Insbesondere jene sozialwirtschaftlichen Organisationen, die sich bisher in der Excel-/Access-Welt bewegten oder ausschließlich auf das (Teil-)Controlling von Primärsystemen gesetzt haben, denken inzwischen immer öfter darüber nach, ihr Controlling zu professionalisieren und ein integriertes Business-Intelligence-Tools (BI) einzuführen. In ein solches System fließen Informationen aus verschiedenen operativen Systemen (z. B. Klientenverwaltung, Rechnungswesen, Dienstplanung, Personalwesen) ein, werden dort verarbeitet und dann in einem für Auswertungen geeigneten flachen Format zwischen­gespeichert. Diese Daten bilden die Grundlage für eine adressatenorientierte Aufbereitung der Infor­mationen.  

Diesem Vorgehen liegt der sogenannte ETL-Prozess (ETL steht für extract, transform und load) zu Grunde. Auf diese Weise funktionieren alle sog. Business-Intelligence-Tools (BI).

Im Folgenden ist dieses Vorgehen noch einmal schematisch und am Beispiel verbreiteter Primärsysteme dargestellt.

ETL-Prozess: Beispiel

Die Einführung eines Controlling-Systems ist ein komplexes Projekt, bei dem insbesondere 2 Aspekte kritisch sein können:

  1. Die operativen Systeme bieten z. T. keine geeigneten Export-Schnittstellen für den ETL-Prozess. Diese müssen also entweder selbst implementiert werden oder man greift auf Lösungen von Drittanbietern zurück.
  2. Es muss mindestens ein zentrales logisches Strukturmerkmal geben, dem alle importierten Daten folgen, denn nur so können die Daten der unterschiedlichen operativen Systeme entlang einer vorgegebenen Hierarchie kombiniert und ausgewertet werden. Dieses Strukturmerkmal ist idealerweise ein hierarchisches Kostenstellenkonzept, oder aber auch ein detailliertes Organisationsmodell. Wichtig ist, dass alle operativen Daten direkt oder transitiv einem Knoten der Hierarchie zugeordnet werden können, idealerweise automatisiert.

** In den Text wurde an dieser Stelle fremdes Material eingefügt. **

Variable s : R -> R.
Hypothesis s_mono : forall x y, x <= y -> s x <= s y.
Hypothesis s_lim_m_infty : is_lim s m_infty 0.
Hypothesis s_lim_p_infty : is_lim s p_infty 1.
Hypothesis s_sym : Sigma1 s.
Hypothesis s_concave : forall x y t, 0 <= x -> 0 <= y -> 0 <= t <= 1 ->
  t * s x + (1 - t) * s y <= s (t * x + (1 - t) * y).
Hypothesis s_1_lt_1 : s 1 < 1.

Lemma sigma_opp x : s (- x) = 1 - s x.
Proof. pose proof (s_sym x). lra. Qed.

Lemma sigma_ge0 x : 0 <= s x.
Proof.
  destruct (Rle_or_lt 0 (s x)) as [|Hneg]; [easy|].
  apply is_lim_spec in s_lim_m_infty. simpl in s_lim_m_infty.
  destruct (s_lim_m_infty (mkposreal (- s x) ltac:(lra))) as [M HM]. simpl in HM.
  pose proof (Rmin_r x (M - 1)).
  specialize (HM (Rmin x (M - 1)) ltac:(lra)). apply Rabs_def2 in HM.
  pose proof (s_mono _ _ (Rmin_l x (M - 1))). lra.
Qed.

Lemma sigma_le1 x : s x <= 1.
Proof. pose proof (sigma_ge0 (- x)). rewrite sigma_opp in *. lra. Qed.

(* A flat piece of a concave function on [0,+oo) would be its maximum,
   which contradicts s 1 < 1 = lim_{+oo} s. *)
Lemma sigma_lt_from_nonneg x y : 0 <= x -> x < y -> y <= 1 -> s x < s y.
Proof.
  intros Hx Hxy Hy.
  destruct (Rle_or_lt (s y) (s x)) as [Hflat|]; [exfalso|easy].
  assert (Hbeyond : forall z, y < z -> s z <= s y).
  { intros z Hz.
    set (t := (z - y) / (z - x)).
    assert (Ht : 0 <= t <= 1).
    { unfold t. split; [apply Rdiv_le_0_compat; lra|].
      apply Rmult_le_reg_r with (z - x); [lra|]. field_simplify; lra. }
    assert (Hty : t * x + (1 - t) * z = y) by (unfold t; field; lra).
    assert (H1t : t < 1).
    { unfold t. apply Rmult_lt_reg_r with (z - x); [lra|]. field_simplify; lra. }
    pose proof (s_concave x z t Hx ltac:(lra) Ht). rewrite Hty in *.
    pose proof (s_mono x y ltac:(lra)).
    apply Rmult_le_reg_l with (1 - t); nra. }
  apply is_lim_spec in s_lim_p_infty. simpl in s_lim_p_infty.
  destruct (s_lim_p_infty (mkposreal (1 - s 1) ltac:(lra))) as [M HM]. simpl in HM.
  pose proof (Rmax_l M y). pose proof (Rmax_r M y).
  specialize (HM (Rmax M y + 1) ltac:(lra)). apply Rabs_def2 in HM.
  pose proof (Hbeyond (Rmax M y + 1) ltac:(lra)). pose proof (s_mono y 1 Hy). lra.
Qed.

Lemma sigma_zero : s 0 = / 2.
Proof. pose proof (sigma_opp 0). rewrite Ropp_0 in *. lra. Qed.
Theorem mainTheorem1 (R : realType) (K : fieldType) (v : K -> R) (q : R)
  (HK : local_field_abs v q)
  (d : measure_display) (Omega : measurableType d) (P : probability Omega R)
  (X : Omega -> K) (HX : KLinf v P X) :
  Kexpect v P X !=set0 /\
  (exists a : K, Kexpect v P X = cball v a (fine (Keps v P X))) /\
  Ksupp v P X `<=` Kexpect v P X /\
  (forall (a : K) (r : R), 0 <= r -> Ksupp v P X `<=` cball v a r ->
     Kexpect v P X `<=` cball v a r).
Proof.
case: HX => Xmeas Xbounded.
have [c0 c0E] := Kdev_attains_Keps HK P X.
have Ecball := Kexpect_cball HK P X Xbounded c0 c0E.
split; [|split; [by exists c0|split]].
- exists c0; rewrite Ecball /cball /= subrr (lfabs0 HK) -c0E.
  exact: fine_ge0 (Kdev_ge0 HK P X c0).
- by rewrite Ecball -c0E; apply: (Ksupp_sub_cball_Kdev HK P X Xmeas Xbounded).
- by move=> a r _; apply: (Kexpect_sub_cball HK P X Xmeas Xbounded).
Qed.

Der Weg zur neuen Controlling-Software

Organisationen, die sich auf den Weg machen, um ihr Controlling weiterzuentwickeln, bietet sich folgendes Vorgehen an, das sich im Rahmen vieler Projekte bewährt hat (das Verfahren orientiert sich an den Controlling-Standards der DGCS und einem speziell an diese Standards angelehnten Controlling-IT-Check):

Schritt 1: IST-Analyse des aktuellen Controllings und seiner Grundlagen

Im Rahmen der IST-Analyse wird zunächst das aktuelle Controlling einer sozialwirtschaftlichen Organisation systematisch analysiert. Im Mittepunkt der IST-Analyse stehen dabei folgende Aspekte:

  1. Personal und Organisation des Controllings (beteiligte Akteure, Aufgaben, Rollen)
  2. Controlling-Prozesse (Planung, Analyse, Steuerung, Kommunikation: Verfahrensanweisungen, Prozessbeschreibungen)
  3. Adressaten, Berichtsebenen, Reporting-Formate und -Intervalle (Leistungen, Kosten, Ergebnis, Liquidität, Investitionen, Wirtschaftsplanung, Personal)
  4. Kennzahlen und SOLL-Größen für die Steuerung; diese ergeben sich z.T. auch aus Grundlagendokumenten (z. B. Leistungs-/Entgeltvereinbarungen, z. B. Personalschlüssel)
  5. Technische Basis des Controllings (IT, Support):
    • Vorhandene Software-Anwendungen, die Daten für das Controlling bereitstellen
    • Analyse der bereitgestellten Schnittstellen der operativen Software-Anwendungen, aus denen Daten in Zukunft ausgelesen werden müssen.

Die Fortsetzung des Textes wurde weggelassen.